In this work, we are interested in using machine learning techniques to predict suitable parameter values for metaheuristics to solve unseen instances. Our main motivation is to suggest suitable parameter values without the need to execute new parameter-tuning processes every time we need to solve new instances. For this, we propose an algorithm configuration pipeline that considers the following four steps: (1) Instance feature extraction (problem-specific metrics are computed to characterize each instance), (2) Metaheuristic parameter tuning (to obtain suitable parameter values for the target metaheuristic), (3) Training of machine learning algorithms (focused on training ML algorithms considering the features extracted in the first step and the parameter configurations for the target metaheuristic obtained in the second step), and (4) Parameter prediction for novel instances (we predict high-quality parameter values for the target metaheuristic in unseen problem instances). We evaluate our approach on a specific VRP considering a set of well-known problem instances and a state-of-the-art target metaheuristic. We divide the problem instances into two sets, a training set and a testing set. The training set is used for parameter tuning, while the testing set is used to evaluate the machine learning models’ generalization capability.

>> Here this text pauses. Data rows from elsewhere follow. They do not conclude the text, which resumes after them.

Lemma ideal_sub_maximal (R : comPzRingType) (J : R -> Prop) : is_ideal J -> ~ J 1 ->
  exists M, is_maximal_ideal M /\ forall x, J x -> M x.
Proof.
move=> J_ideal NJ1; pose T := {I : R -> Prop | proper_ideal_over J I}.
pose t0 : T := exist _ J (And3 J_ideal NJ1 (fun x Jx => Jx)).
pose le := fun s t : T => `[< forall x, sval s x -> sval t x >].
have [t tmax] : exists t, premaximal le t.
  apply: (@ZL_preorder T t0 le).
  - by move=> s; apply/asboolP.
  - by move=> r s u /asboolP rs /asboolP su; apply/asboolP => x /rs /su.
  move=> A chainA; have [[s0 As0]|NA] := pselect (exists s, A s); last first.
    by exists t0 => s As; exfalso; apply: NA; exists s.
  pose B I := exists2 s, A s & sval s = I.
  have B_ok : proper_ideal_over J (fun x => exists I, B I /\ I x).
    apply: proper_ideal_over_chain_union; first by exists (sval s0), s0.
      by move=> I [s _ <-]; apply: svalP.
    move=> I I' [s As <-] [s' As' <-].
    by have [/asboolP|/asboolP] := chainA _ _ As As'; [left|right].
  exists (exist _ _ B_ok) => s As; apply/asboolP => x sx.
  by exists (sval s); split => //; exists s.
exists (sval t); case: (svalP t) => t_ideal Nt1 Jt; split => //; split => // K K_ideal tK NK1.
have K_ok : proper_ideal_over J K by split => // y /Jt /tK.
by have /asboolP := tmax (exist _ K K_ok) (introT (asboolP _) tK).
Qed.

(* After inverting the elements outside [N], the rows of [H] span the kernel of [C]. *)
Definition loc_ker_gen (R : comPzRingType) (N : R -> Prop) p q s
    (C : 'M[R]_(p, q)) (H : 'M[R]_(s, p)) :=
  forall x : 'rV_p, x *m C = 0 -> exists t, ~ N t /\ exists z, t *: x = z *m H.

Section LocalizationFacts.
Variables (R S : comPzRingType) (M : R -> Prop) (phi : {rmorphism R -> S}).
Hypotheses (maxM : is_maximal_ideal M) (locS : is_localization_at M phi).

Lemma loc_invertible t : ~ M t -> exists w, phi t * w = 1.
Proof. by case: locS => inv _ _; apply: inv. Qed.

Lemma loc_common_denominator m n (A : 'M[S]_(m, n)) :
  exists t (c : 'M[R]_(m, n)), ~ M t /\ phi t *: A = map_mx phi c.
Proof.
case: locS => _ frac _.
have [a Ha] := choice (fun k : 'I_m * 'I_n => frac (A k.1 k.2)).
have [s Hs] := choice Ha.
exists (\prod_k s k), (\matrix_(i, j) (a (i, j) * \prod_(k | k != (i, j)) s k)); split.
  by apply: maximal_ideal_notin_prod => // k; case: (Hs k).
apply/matrixP => i j; rewrite !mxE (bigD1 (i, j)) //= !rmorphM.
case: (Hs (i, j)) => _ /= <-.
by rewrite rmorph_prod mulrC -!mulrA [phi (s _) * _]mulrC.
Qed.

Lemma loc_map_mx_eq0 m n (A : 'M[R]_(m, n)) :
  map_mx phi A = 0 -> exists u, ~ M u /\ u *: A = 0.
Proof.
case: locS => _ _ ker /matrixP A0.
have uA0 (k : 'I_m * 'I_n) : exists u, ~ M u /\ u * A k.1 k.2 = 0.
  by apply: ker; have := A0 k.1 k.2; rewrite !mxE.
have [u Hu] := choice uA0.
exists (\prod_k u k); split.
  by apply: maximal_ideal_notin_prod => // k; case: (Hu k).
apply/matrixP => i j; rewrite !mxE (bigD1 (i, j)) //= -mulrA [_ * A i j]mulrC mulrA.
by case: (Hu (i, j)) => _ /= ->; rewrite ?mulr0 ?mul0r.
Qed.

Lemma ker_span_map p q r (B : 'M[R]_(p, q)) (C : 'M[R]_(r, p)) :
  ker_span B C -> ker_span (map_mx phi B) (map_mx phi C).
Proof.
move=> BC x; split; last first.
  by move=> [z ->]; rewrite -mulmxA -map_mxM (ker_span_mul0 BC) map_mx0 mulmx0.
move=> xB; have [t [c [Mt tx]]] := loc_common_denominator x.
have /loc_map_mx_eq0 [u [Mu ucB]] : map_mx phi (c *m B) = 0.
  by rewrite map_mxM -tx -scalemxAl xB scaler0.
have /BC [z Hz] : (u *: c) *m B = 0 by rewrite -scalemxAl.
have [w Hw] := loc_invertible (maximal_ideal_notinM maxM Mu Mt).
exists (w *: map_mx phi z).
rewrite -scalemxAl -map_mxM -Hz map_mxZ -tx !scalerA -mulrA -rmorphM.
by rewrite [w * _]mulrC Hw scale1r.
Qed.

Lemma ker_fg_map p q (B : 'M[R]_(p, q)) : ker_fg B -> ker_fg (map_mx phi B).
Proof. by move=> [r [C BC]]; exists r, (map_mx phi C); apply: ker_span_map. Qed.

Lemma loc_ker_gen_of_map p q (C : 'M[R]_(p, q)) :
  ker_fg (map_mx phi C) -> exists s (H : 'M_(s, p)), H *m C = 0 /\ loc_ker_gen M C H.
Proof.
move=> [s [G CG]]; have [t [H0 [Mt tG]]] := loc_common_denominator G.
have /loc_map_mx_eq0 [u [Mu uH0C]] : map_mx phi (H0 *m C) = 0.
  by rewrite map_mxM -tG -scalemxAl (ker_span_mul0 CG) scaler0.
exists s, (u *: H0); split=> [|x xC]; first by rewrite -scalemxAl.
have /CG [z Hz] : map_mx phi x *m map_mx phi C = 0 by rewrite -map_mxM xC map_mx0.
have [v [y [Mv vz]]] := loc_common_denominator z.
have /loc_map_mx_eq0 [w [Mw Hw]] : map_mx phi ((v * u * t) *: x - y *m (u *: H0)) = 0.
  rewrite map_mxB map_mxZ Hz map_mxM -vz map_mxZ -scalemxAl -tG.
  rewrite !rmorphM -!scalerA scalemxAr scalemxAr.
  by rewrite [phi u *: (phi t *: _)]scalerA [phi u * _]mulrC -scalerA subrr.
exists (w * (v * u * t)); split.
  by do 3![apply: maximal_ideal_notinM => //].
exists (w *: y); move: Hw; rewrite scalerBr scalerA -scalemxAl.
by move/eqP; rewrite subr_eq0 => /eqP.
Qed.

End LocalizationFacts.

Section LocalGlobal.
Variable R : comPzRingType.

Lemma loc_ker_gen_col_mxl (N : R -> Prop) p q s s' (C : 'M[R]_(p, q))
    (H : 'M_(s, p)) (H' : 'M_(s', p)) :
  loc_ker_gen N C H -> loc_ker_gen N C (col_mx H H').
Proof.
move=> locH x /locH [t [Nt [z Hz]]]; exists t; split => //.
by exists (row_mx z 0); rewrite mul_row_col mul0mx addr0.
Qed.

Lemma loc_ker_gen_col_mxr (N : R -> Prop) p q s s' (C : 'M[R]_(p, q))
    (H : 'M_(s, p)) (H' : 'M_(s', p)) :
  loc_ker_gen N C H -> loc_ker_gen N C (col_mx H' H).
Proof.
move=> locH x /locH [t [Nt [z Hz]]]; exists t; split => //.
by exists (row_mx 0 z); rewrite mul_row_col mul0mx add0r.
Qed.

Lemma common_loc_ker_gen n (Ns : 'I_n -> R -> Prop) (P : 'I_n -> Prop)
    p q (C : 'M[R]_(p, q)) :
  (forall i, P i -> exists s (H : 'M_(s, p)), H *m C = 0 /\ loc_ker_gen (Ns i) C H) ->
  exists s (H : 'M_(s, p)), H *m C = 0 /\ forall i, P i -> loc_ker_gen (Ns i) C H.
Proof.
elim: n Ns P => [|n IH] Ns P locC; first by exists 0%N, 0; split=> [|[]]; rewrite ?mul0mx.
have [s1 [H1 [H1C locH1]]] := IH _ _ (fun i => locC (lift ord0 i)).
have [s0 [H0 [H0C locH0]]] : exists s0 (H0 : 'M_(s0, p)),
    H0 *m C = 0 /\ (P ord0 -> loc_ker_gen (Ns ord0) C H0).
  have [/locC [s0 [H0 [H0C locH0]]]|NP0] := pselect (P ord0).
    by exists s0, H0.
  by exists 0%N, 0; split=> [|/NP0 //]; rewrite mul0mx.
exists (s0 + s1)%N, (col_mx H0 H1); split; first by rewrite mul_col_mx H0C H1C col_mx0.
move=> i; case: (unliftP ord0 i) => [i' ->|->] Pi.
- exact/loc_ker_gen_col_mxr/locH1.
- exact/loc_ker_gen_col_mxl/locH0.
Qed.

(* The multipliers [t] with [t x] in the row span of [H] form an ideal lying in
   no maximal ideal. *)
Lemma ker_span_of_loc_ker_gen p q s (C : 'M[R]_(p, q)) (H : 'M[R]_(s, p)) :
  H *m C = 0 -> (forall N, is_maximal_ideal N -> loc_ker_gen N C H) -> ker_span C H.
Proof.
move=> HC locH x; split; last by move=> [z ->]; rewrite -mulmxA HC mulmx0.
move=> xC; pose J t := exists z, t *: x = z *m H.
have J_ideal : is_ideal J.
  split; first by exists 0; rewrite scale0r mul0mx.
  - by move=> a b [z Hz] [z' Hz']; exists (z + z'); rewrite scalerDl Hz Hz' mulmxDl.
  - by move=> r a [z Hz]; exists (r *: z); rewrite -scalerA Hz scalemxAl.
have [[z Hz]|NJ1] := pselect (J 1); first by exists z; rewrite -Hz scale1r.
have [N [maxN JN]] := ideal_sub_maximal J_ideal NJ1.
by have [t [Nt /JN]] := locH N maxN x xC.
Qed.

Lemma ker_fg_of_locally_fg p q (C : 'M[R]_(p, q)) : semi_local R ->
  (forall N, is_maximal_ideal N ->
     exists s (H : 'M_(s, p)), H *m C = 0 /\ loc_ker_gen N C H) ->
  ker_fg C.
Proof.
move=> [n [Ns Nsmax]] locC.
have [s [H [HC locH]]] := common_loc_ker_gen (P := fun i => is_maximal_ideal (Ns i))
  (fun i => locC (Ns i)).
exists s, H; apply: ker_span_of_loc_ker_gen => // N maxN.
have [i Ni] := Nsmax N maxN.
have ENi : N = Ns i by apply/funext => y; apply/propext.
by rewrite ENi in maxN *; apply: locH.
Qed.

End LocalGlobal.

Module Localization.
Local Open Scope quotient_scope.
Section Construction.
Variables (R : comPzRingType) (M : R -> Prop).
Hypothesis maxM : is_maximal_ideal M.

Let notM1 : ~ M 1 := maximal_ideal_notin1 maxM.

In the following sub-section, we present an in-depth analysis and characterization of CVRPTW instances. Details of the metaheuristic parameter tuning and training steps will be presented in Section 4. The results obtained in the prediction step and a comparison with baseline configurations are reported in Section 5.

3.1. Instance Feature Extraction Step

The definition of features is critical for a good instance characterization, and therefore a proper learning process and high-quality predictions. In the literature, some approaches to characterizing vehicle routing problem instances can be found [12,13]. However, most previously studied features show high correlations, and have to be treated using principal component analysis, thereby losing interpretability. Here, we select a subset of the well-known vehicle routing problem features and introduce a set of new features based on clustering analysis using a variation of the OPTICS algorithm.

3.1.1. Problem Instances

In our experiments, we use the well-known CVRPTW Homberger set of 300 instances [21]. The instances consider a number of clients ranging from 200 to 1000, a number of vehicles proportional to the corresponding number of clients, and varying distributions of client locations, vehicle capacities, and time windows. The instances can be grouped into six subsets, as shown in

Table 1. Grouping subsets considering the client distribution and capacity of vehicles.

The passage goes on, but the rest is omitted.